# Muon decay correction

by Catria
Tags: correction, decay, muon
 P: 43 In my class notes, the muon decay width is: $\Gamma_\mu=\frac{G^2_F m^5_\mu}{192\pi^3}$ Yet, in Wikipedia (take that for what it's worth) it says that, once the corrections have been applied, the muon decay width takes the form: $\Gamma_\mu=\frac{G^2_F m^5_\mu}{192\pi^3}I\left(\frac{m^2_e}{m^2_\mu}\right)$ where $I(x)=1-8x-12x^2 ln(x)+8x^3+x^4$ is a correction factor. I wonder how does one arrive at that correction factor. If it is possible to get enough steps so that someone could understand its origin, as well as understanding its derivation, it would be very appreciated.
 Sci Advisor Thanks P: 3,850 Catria, The muon decay rate is calculated from evaluation of a Feynman diagram -- simple in principle but complicated in practice. Here's a paper describing in general terms how one does it. (Note especially Eq 44.) The calculation for muon decay involves a three-particle final state, and the energies and angles of all three decay products must be integrated over to get the total decay rate. It simplifies a lot if you neglect the mass of the electron, giving the answer from your class notes. The "corrected" version in Wikipedia is the full result.
 Sci Advisor P: 5,935 Note that (me/mμ)² << 1, so that I(x)≈I(0)=1.
P: 81

## Muon decay correction

Like bill says, as you probably know from your post, you calculate the amplitude at tree level. Then one can improve the calculation by adding the correction factor.
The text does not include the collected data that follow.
(* For every finite simple graph $G$, one has $\mathfrak a(G)=-M(G)$, where $M(G)$ is the multiplicity of $-1$ as a root of the independence polynomial $P_G(x)$ (zero if $P_G(-1)\neq 0$). In particular, $\mathfrak a(G)=0$ if and only if $P_G(-1)\neq 0$.
   Context: Let $G$ be a finite simple graph on vertex set $[N]$, $K$ a field, $S=K[x_1,\dots,x_N]$, and $I(G)\subset S$ the edge ideal generated by $x_ix_j$ for $\{i,j\}\in E(G)$. Let $\alpha(G)$ be the independence number of $G$ (which equals $\dim S/I(G)$). The Hilbert series of $S/I(G)$ is written uniquely as $h_G(t)/(1-t)^{\alpha(G)}$ with $h_G(t)\in\mathbb Z[t]$ a polynomial whose leading coefficient is nonzero (the $h$-polynomial). The $\mathfrak a$-invariant is $\mathfrak a(G)=\deg h_G(t)-\alpha(G)$. The independence polynomial is $P_G(x)=\sum_i g_ix^i$, where $g_i$ is the number of independent sets of size $i$. *)

From mathcomp Require Import all_boot all_order all_algebra.
Set Implicit Arguments. Unset Strict Implicit. Unset Printing Implicit Defensive.
Import Order.TTheory GRing.Theory Num.Theory.

Definition simple_graph (N : nat) (e : rel 'I_N) : Prop :=
  symmetric e /\ irreflexive e.

Definition indep (N : nat) (e : rel 'I_N) (A : {set 'I_N}) : bool :=
  [forall x in A, forall y in A, ~~ e x y].

Definition alpha (N : nat) (e : rel 'I_N) : nat :=
  \max_(A : {set 'I_N} | indep e A) #|A|.

Definition nindep (N : nat) (e : rel 'I_N) (i : nat) : nat :=
  #|[set A : {set 'I_N} | indep e A & #|A| == i]|.

Local Open Scope ring_scope.

(* independence polynomial P_G(x) = sum_i g_i x^i (all g_i = 0 for i > N) *)
Definition indep_poly (N : nat) (e : rel 'I_N) : {poly rat} :=
  \poly_(i < N.+1) (nindep e i)%:R.

Definition Mult (N : nat) (e : rel 'I_N) : nat := mup (-1) (indep_poly e).

(* Monomials of S = K[x_1..x_N] of degree d are exponent vectors
   m : 'I_N -> nat with sum d (each exponent is then <= d, so we encode
   them as {ffun 'I_N -> 'I_d.+1}).  Since I(G) is a monomial ideal, the
   monomials not in I(G) (i.e. divisible by no x_i x_j with {i,j} an edge)
   form a K-basis of (S/I(G))_d. *)
Definition std_monomial (N : nat) (e : rel 'I_N) (d : nat)
    (m : {ffun 'I_N -> 'I_d.+1}) : bool :=
  ((\sum_(i < N) (m i : nat))%N == d) &&
  [forall i, forall j, e i j ==> ((m i : nat) == 0%N) || ((m j : nat) == 0%N)].

Definition hilb (N : nat) (e : rel 'I_N) (d : nat) : nat :=
  #|[set m : {ffun 'I_N -> 'I_d.+1} | std_monomial e m]|.

(* h is the h-polynomial: as formal power series,
   (1 - t)^alpha(G) * sum_d hilb(d) t^d = h(t), i.e.
   HS(t) = h(t) / (1-t)^alpha(G); and h has nonzero leading coefficient. *)
Definition is_h_poly (N : nat) (e : rel 'I_N) (h : {poly int}) : Prop :=
  h != 0 /\
  forall d : nat,
    h`_d = \sum_(j < d.+1)
             (-1) ^+ j * ('C(alpha e, j))%:R * ((hilb e (d - j))%:R : int).

Definition a_inv (N : nat) (e : rel 'I_N) (h : {poly int}) : int :=
  ((size h).-1)%:Z - (alpha e)%:Z.

From mathcomp Require Import all_boot all_order all_algebra ring zify.
Import Order.TTheory GRing.Theory Num.Theory.
Set Implicit Arguments. Unset Strict Implicit. Unset Printing Implicit Defensive.
Local Open Scope ring_scope.

(* Counting standard monomials by their support, the Hilbert series of S/I(G)
   is sum_{A independent} (t/(1-t))^|A|, so
     h_G(t) = sum_A t^|A| (1-t)^(alpha-|A|) = (1-t)^alpha P_G(t/(1-t)),
   the homogenization [homog alpha P_G].  Writing P_G = (1+x)^M Q with
   Q(-1) <> 0, hence deg Q = alpha - M, gives h_G(t) = (1-t)^(alpha-M) Q(t/(1-t)),
   whose coefficient of t^(alpha-M) is +-Q(-1) <> 0; so deg h_G = alpha - M.
   The power series t/(1-t) is handled through its truncations
   [trunc_geom D] = t + ... + t^(D-1), which agree with it modulo t^D. *)

Section Homogenization.
Variable R : comNzRingType.
Implicit Types (p q : {poly R}) (n : nat).

Lemma coef_1subX_exp k j : ((1 - 'X : {poly R}) ^+ k)`_j = (-1) ^+ j *+ 'C(k, j).
Proof.
elim: k j => [|k IH] [|j]; rewrite ?expr0 ?coef1 ?bin0 ?bin0n ?mulr0n //.
  by rewrite exprSr mulrBr mulr1 coefB coefMX /= subr0 IH expr0 bin0.
by rewrite exprSr mulrBr mulr1 coefB coefMX /= !IH binS exprS mulrnDr mulN1r 2!mulNrn.
Qed.

Definition homog n p : {poly R} :=
  \sum_(i < n.+1) p`_i *: ('X^i * (1 - 'X) ^+ (n - i)).

Lemma size_homog_le n p : (size (homog n p) <= n.+1)%N.
Proof.
apply/leq_sizeP => j ltnj; rewrite coef_sum big1 // => i _.
rewrite coefZ coefXnM coef_1subX_exp; case: ifP => _; first by rewrite mulr0.
by rewrite bin_small ?mulr0n ?mulr0 // ltn_sub2r // (leq_ltn_trans _ ltnj) // -ltnS.
Qed.

Lemma coef_homog_top n p : (size p <= n.+1)%N ->
  (homog n p)`_n = (-1) ^+ n * p.[-1].
Proof.
move=> szp; rewrite (horner_coef_wide _ szp) coef_sum mulr_sumr.
apply: eq_bigr => i _; have le_in : (i <= n)%N by rewrite -ltnS.
rewrite coefZ coefXnM ltnNge le_in coef_1subX_exp binn mulr1n.
rewrite -signr_odd oddB // signr_addb !signr_odd /=.
by rewrite mulrCA.
Qed.

Lemma homog_mulXD1 n p : (size p <= n.+1)%N -> homog n.+1 (('X + 1) * p) = homog n p.
Proof.
move=> szp; rewrite /homog.
under eq_bigr => i _ do rewrite mulrDl mul1r coefD coefXM scalerDl.
rewrite big_split /= big_ord_recl /= scale0r add0r [X in _ + X]big_ord_recr /=.
rewrite [p`_n.+1](leq_sizeP _ _ szp) // scale0r addr0 -big_split /=.
apply: eq_bigr => i _; rewrite -scalerDr; congr (_ *: _).
have le_in : (i <= n)%N by rewrite -ltnS.
rewrite subSS subSn // exprS exprSr.
set Y := (1 - 'X) ^+ (n - i); set Z := 'X^i; ring.
Qed.

End Homogenization.

Lemma size_homog (R : idomainType) n (p : {poly R}) :
  (size p <= n.+1)%N -> p.[-1] != 0 -> size (homog n p) = n.+1.
Proof.
move=> szp p_1; apply/eqP; rewrite eqn_leq size_homog_le ltnNge /=.
apply: contra p_1 => /leq_sizeP/(_ n (leqnn n))/eqP.
by rewrite coef_homog_top // mulf_eq0 signr_eq0.
Qed.

Lemma XaddN1E (R : nzRingType) : 'X + 1 = 'X - (-1)%:P :> {poly R}.
Proof. by rewrite polyCN opprK. Qed.

Lemma homog_mulXD1X (R : idomainType) k n (p : {poly R}) : p != 0 ->
  (size p + k <= n.+1)%N -> homog n (('X + 1) ^+ k * p) = homog (n - k) p.
Proof.
move=> p0; elim: k n => [|k IH] [|n] szp; rewrite ?expr0 ?mul1r ?subn0 //.
  by move: szp; rewrite addnS ltnS leqNgt ltn_addr // size_poly_gt0.
rewrite exprS -mulrA homog_mulXD1 ?IH ?subSS //; first by rewrite -ltnS -addnS.
rewrite size_mul ?expf_neq0 ?XaddN1E ?polyXsubC_eq0 // size_exp_XsubC addSn.
by rewrite addnC -ltnS -addnS.
Qed.

Section Multiplicity.
Variable F : fieldType.
Implicit Types (x : F) (p : {poly F}).

Lemma mup_lt_size x p : p != 0 -> (mup x p < size p)%N.
Proof. by move=> p0; rewrite -(size_exp_XsubC _ x) dvdp_leq // -mup_geq. Qed.

Lemma mup_eq0 x p : p != 0 -> (mup x p == 0%N) = ~~ root p x.
Proof. by move=> p0; rewrite -leqn0 mup_leq // expr1 dvdp_XsubCl. Qed.

Lemma size_homog_mup n p : size p = n.+1 -> size (homog n p) = (n - mup (-1) p).+1.
Proof.
move=> szp; have p0 : p != 0 by rewrite -size_poly_gt0 szp.
have [m [q]] := multiplicity_XsubC p (-1); rewrite p0 /= => q_1 pE.
have q0 : q != 0 by apply: contraNneq p0 => q0; rewrite pE q0 mul0r.
have szq : (size q + m = n.+1)%N.
  by rewrite -szp pE size_mul ?expf_neq0 ?polyXsubC_eq0 // size_exp_XsubC addnS.
have -> : mup (-1) p = m by rewrite pE mupMr // mup_XsubCX eqxx.
have le_q : (size q <= (n - m).+1)%N by lia.
by rewrite pE mulrC -XaddN1E homog_mulXD1X ?szq // size_homog.
Qed.

End Multiplicity.

Section CongruenceModXn.
Variables (R : comNzRingType) (n : nat).
Implicit Types p q : {poly R}.

Definition congX p q := exists r, p = q + 'X^n * r.

Lemma congX_coef p q i : congX p q -> (i < n)%N -> p`_i = q`_i.
Proof. by move=> [r ->] lt_in; rewrite coefD coefXnM lt_in addr0. Qed.

Lemma congX_refl p : congX p p.
Proof. by exists 0; rewrite mulr0 addr0. Qed.

Lemma congXD p1 q1 p2 q2 : congX p1 q1 -> congX p2 q2 -> congX (p1 + p2) (q1 + q2).
Proof. by move=> [r1 ->] [r2 ->]; exists (r1 + r2); ring. Qed.

Lemma congXM p1 q1 p2 q2 : congX p1 q1 -> congX p2 q2 -> congX (p1 * p2) (q1 * q2).
Proof.
by move=> [r1 ->] [r2 ->]; exists (r1 * q2 + q1 * r2 + 'X^n * r1 * r2); ring.
Qed.

Lemma congXX p q k : congX p q -> congX (p ^+ k) (q ^+ k).
Proof.
move=> pq; elim: k => [|k IH]; first by rewrite !expr0; apply: congX_refl.
by rewrite !exprS; apply: congXM.
Qed.

Lemma congX_sum (I : Type) (r : seq I) (P : pred I) (F G : I -> {poly R}) :
  (forall i, P i -> congX (F i) (G i)) ->
  congX (\sum_(i <- r | P i) F i) (\sum_(i <- r | P i) G i).
Proof.
by move=> FG; apply: (big_ind2 congX) => //; [apply: congX_refl | apply: congXD].
Qed.

End CongruenceModXn.

Definition supp N D (m : {ffun 'I_N -> 'I_D}) : {set 'I_N} :=
  [set v | m v != 0 :> nat].

Section TruncatedGeometricSeries.
Variable R : comNzRingType.

Definition trunc_geom D : {poly R} := \sum_(k < D | (0 < k)%N) 'X^k.

Lemma trunc_geomSS D : trunc_geom D.+2 = trunc_geom D.+1 + 'X^(D.+1).
Proof.
by rewrite /trunc_geom !(big_mkcond (fun k : 'I__ => (0 < k)%N)) big_ord_recr.
Qed.

Lemma mul1subX_trunc_geom D : (1 - 'X) * trunc_geom D.+1 = 'X - 'X^(D.+1).
Proof.
elim: D => [|D IH].
  by rewrite /trunc_geom big_mkcond big_ord1 /= mulr0 expr1 subrr.
by rewrite trunc_geomSS mulrDr IH !exprS; ring.
Qed.

Lemma congX_trunc_geom n D : (0 < n <= D)%N -> congX n (trunc_geom D) (trunc_geom n).
Proof.
case: n => // n /= /subnK <-; elim: (D - n.+1)%N => [|k [r IH]].
  exact: congX_refl.
by rewrite addSn addnS trunc_geomSS -addnS IH exprD; exists (r + 'X^k); ring.
Qed.

Lemma trunc_geom_exp_card N i (A : {set 'I_N}) :
  trunc_geom i.+1 ^+ #|A| =
  \sum_(m : {ffun 'I_N -> 'I_i.+1} | supp m == A) 'X^(\sum_v m v).
Proof.
pose F v (k : 'I_i.+1) : {poly R} := if (v \in A) == (0 < k)%N then 'X^k else 0.
have -> : trunc_geom i.+1 ^+ #|A| = \prod_v \sum_k F v k.
  rewrite -prodr_const big_mkcond /=; apply: eq_bigr => v _.
  case: (boolP (v \in A)) => vA.
    rewrite /trunc_geom big_mkcond /=; apply: eq_bigr => k _.
    by rewrite /F vA; case: (0 < k)%N.
  rewrite (bigD1 (ord0 : 'I_i.+1)) //= big1 ?addr0 => [|k nk].
    by rewrite /F (negbTE vA).
  by rewrite /F (negbTE vA) lt0n nk.
rewrite bigA_distr_bigA [RHS]big_mkcond /=; apply: eq_bigr => m _.
case: eqP => [mA|neq_A].
  by rewrite -prodrXr; apply: eq_bigr => v _; rewrite /F -mA inE lt0n eqxx.
have [v Av] : exists v, (v \in A) != (0 < m v)%N.
  apply/existsP; apply: contra_notT neq_A => /existsPn eqA.
  by apply/setP => v; rewrite inE -lt0n; apply/esym/eqP; rewrite -[_ == _]negbK eqA.
by rewrite (bigD1 v) //= /F (negbTE Av) mul0r.
Qed.

End TruncatedGeometricSeries.

Section IndependenceComplex.
Variables (N : nat) (e : rel 'I_N).
Implicit Types A : {set 'I_N}.

Lemma std_monomialE d (m : {ffun 'I_N -> 'I_d.+1}) :
  std_monomial e m = ((\sum_v m v)%N == d) && indep e (supp m).
Proof.
congr (_ && _); apply/forallP/forallP => [edge0 v | indep_m v].
  apply/implyP; rewrite inE => mv; apply/forallP => w; apply/implyP.
  rewrite inE => mw; apply/negP => evw.
  by move: (forallP (edge0 v) w); rewrite evw /= (negbTE mv) (negbTE mw).
apply/forallP => w; apply/implyP; apply: contraTT; rewrite negb_or => /andP [mv mw].
by move: (indep_m v); rewrite inE mv => /forallP /(_ w); rewrite inE mw.
Qed.

Definition hilb_series D : {poly int} := \sum_(A | indep e A) trunc_geom int D ^+ #|A|.

Lemma hilb_seriesE i : hilb_series i.+1 =
  \sum_(m : {ffun 'I_N -> 'I_i.+1} | indep e (supp m)) 'X^(\sum_v m v).
Proof.
rewrite (partition_big (@supp N i.+1) (indep e)) //=; apply: eq_bigr => A indepA.
rewrite trunc_geom_exp_card; apply: eq_bigl => m.
by case: eqP => [->|]; rewrite ?andbF ?indepA.
Qed.

Lemma coef_hilb_series_diag i : (hilb_series i.+1)`_i = (hilb e i)%:R.
Proof.
rewrite hilb_seriesE coef_sum /hilb -sum1_card natr_sum big_mkcond [RHS]big_mkcond /=.
apply: eq_bigr => m _; rewrite inE std_monomialE andbC coefXn eq_sym.
by case: (indep e (supp m)); case: eqP.
Qed.

Lemma coef_hilb_series i D : (i < D)%N -> (hilb_series D)`_i = (hilb e i)%:R.
Proof.
move=> lt_iD; rewrite -coef_hilb_series_diag; apply: (congX_coef _ (ltnSn i)).
by apply: congX_sum => A _; apply/congXX/congX_trunc_geom.
Qed.

Lemma leq_card_alpha A : indep e A -> (#|A| <= alpha e)%N.
Proof. exact: leq_bigmax_cond. Qed.

Lemma alpha_witness : exists2 A, indep e A & #|A| = alpha e.
Proof.
have indep0 : indep e set0 by apply/forallP => v; rewrite in_set0.
have [|A] := @eq_bigmax_cond _ (indep e) (fun A => #|A|); last by exists A.
by apply/card_gt0P; exists set0.
Qed.

Lemma alpha_leqN : (alpha e <= N)%N.
Proof.
by have [A _ <-] := alpha_witness; rewrite -[X in (_ <= X)%N]card_ord max_card.
Qed.

Lemma size_indep_poly : size (indep_poly e) = (alpha e).+1.
Proof.
apply/anti_leq/andP; split.
  apply/leq_sizeP => j lt_aj; rewrite coef_poly; case: ifP => // _.
  rewrite /nindep (_ : [set A | _] = set0) ?cards0 //; apply/setP => A.
  rewrite !inE; apply/andP => -[/leq_card_alpha le_Aa /eqP cardA].
  by move: lt_aj; rewrite -cardA ltnNge le_Aa.
rewrite ltnNge; apply/negP => /leq_sizeP /(_ _ (leqnn _)) /eqP.
rewrite coef_poly ltnS alpha_leqN pnatr_eq0; apply/negP; rewrite -lt0n.
have [A indepA cardA] := alpha_witness.
by apply/card_gt0P; exists A; rewrite inE indepA cardA /=.
Qed.

Definition hpoly : {poly int} :=
  \sum_(A | indep e A) 'X^#|A| * (1 - 'X) ^+ (alpha e - #|A|).

Lemma congX_hpoly d : congX d.+1 ((1 - 'X) ^+ alpha e * hilb_series d.+1) hpoly.
Proof.
rewrite mulr_sumr; apply: congX_sum => A /leq_card_alpha /subnK {1}<-.
rewrite exprD -mulrA -exprMn mul1subX_trunc_geom mulrC.
by apply/congXM/congX_refl/congXX; exists (-1); ring.
Qed.

Lemma coef_hpoly d : hpoly`_d =
  \sum_(j < d.+1) (-1) ^+ j * ('C(alpha e, j))%:R * ((hilb e (d - j))%:R : int).
Proof.
rewrite -(congX_coef (congX_hpoly d) (ltnSn d)) coefM.
apply: eq_bigr => j _; rewrite coef_1subX_exp mulr_natr coef_hilb_series //.
by rewrite ltnS leq_subr.
Qed.

Lemma map_hpoly : map_poly intr hpoly = homog (alpha e) (indep_poly e) :> {poly rat}.
Proof.
rewrite rmorph_sum /homog.
under eq_bigr => A _ do rewrite rmorphM !rmorphXn rmorphB rmorph1 /= map_polyX.
pose card_ord A : 'I_(alpha e).+1 := inord #|A|.
rewrite (partition_big card_ord xpredT) //=; apply: eq_bigr => j _.
have lt_jN : (j < N.+1)%N by rewrite ltnS (leq_trans _ alpha_leqN) // -ltnS.
rewrite coef_poly lt_jN /nindep -sum1_card natr_sum scaler_suml.
apply: eq_big => [A | A /andP [indepA /eqP <-]]; rewrite ?inE.
  case: (boolP (indep e A)) => //= /leq_card_alpha le_Aa.
  by rewrite -val_eqE /= inordK.
by rewrite scale1r inordK // ltnS leq_card_alpha.
Qed.

Lemma size_hpoly : size hpoly = (alpha e - Mult e).+1.
Proof.
rewrite -(size_map_inj_poly (@intr_inj rat) (rmorph0 _)) map_hpoly.
exact/size_homog_mup/size_indep_poly.
Qed.

Lemma is_h_poly_hpoly : is_h_poly e hpoly.
Proof. by split; [rewrite -size_poly_gt0 size_hpoly | apply: coef_hpoly]. Qed.

Lemma is_h_poly_eq h : is_h_poly e h -> h = hpoly.
Proof. by case=> _ coef_h; apply/polyP => d; rewrite coef_h coef_hpoly. Qed.

Lemma a_inv_hpoly : a_inv e hpoly = - (Mult e)%:Z.
Proof.
have le_Ma : (Mult e <= alpha e)%N.
  by rewrite -ltnS -size_indep_poly mup_lt_size // -size_poly_gt0 size_indep_poly.
by rewrite /a_inv size_hpoly succnK -(subzn le_Ma) addrAC subrr add0r.
Qed.

End IndependenceComplex.

Theorem corollary1p3 (N : nat) (e : rel 'I_N) :
  simple_graph e ->
  (exists h : {poly int}, is_h_poly e h) /\
  (forall h : {poly int}, is_h_poly e h ->
     a_inv e h = - ((Mult e)%:Z) /\
     (a_inv e h = 0 <-> (indep_poly e).[-1] != 0)).
Proof.
move=> _; split=> [|h /is_h_poly_eq ->].
  by exists (hpoly e); apply: is_h_poly_hpoly.
have P0 : indep_poly e != 0 by rewrite -size_poly_gt0 size_indep_poly.
rewrite a_inv_hpoly; split=> //; rewrite -/(root (indep_poly e) (-1)).
by rewrite -mup_eq0 // -/(Mult e) -eqz_nat -oppr_eq0; split => /eqP.
Qed.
Of course one first calculates the largest correction first.

To do this, you have to extend the Feynman diagram literature to loop level and perform integrals over loop momentum.

In decays, these are regularized by the massive exchange particle. Anyway, it is these loop integrals that give you these ratios and logarithms.
 Mentor P: 15,571 These are not loop corrections. These are phase space corrections - due to the fact that the electron has a tiny mass. These have the wrong dimensionality to be loop corrections.
 P: 81 Oops. I should have looked at the link before replying.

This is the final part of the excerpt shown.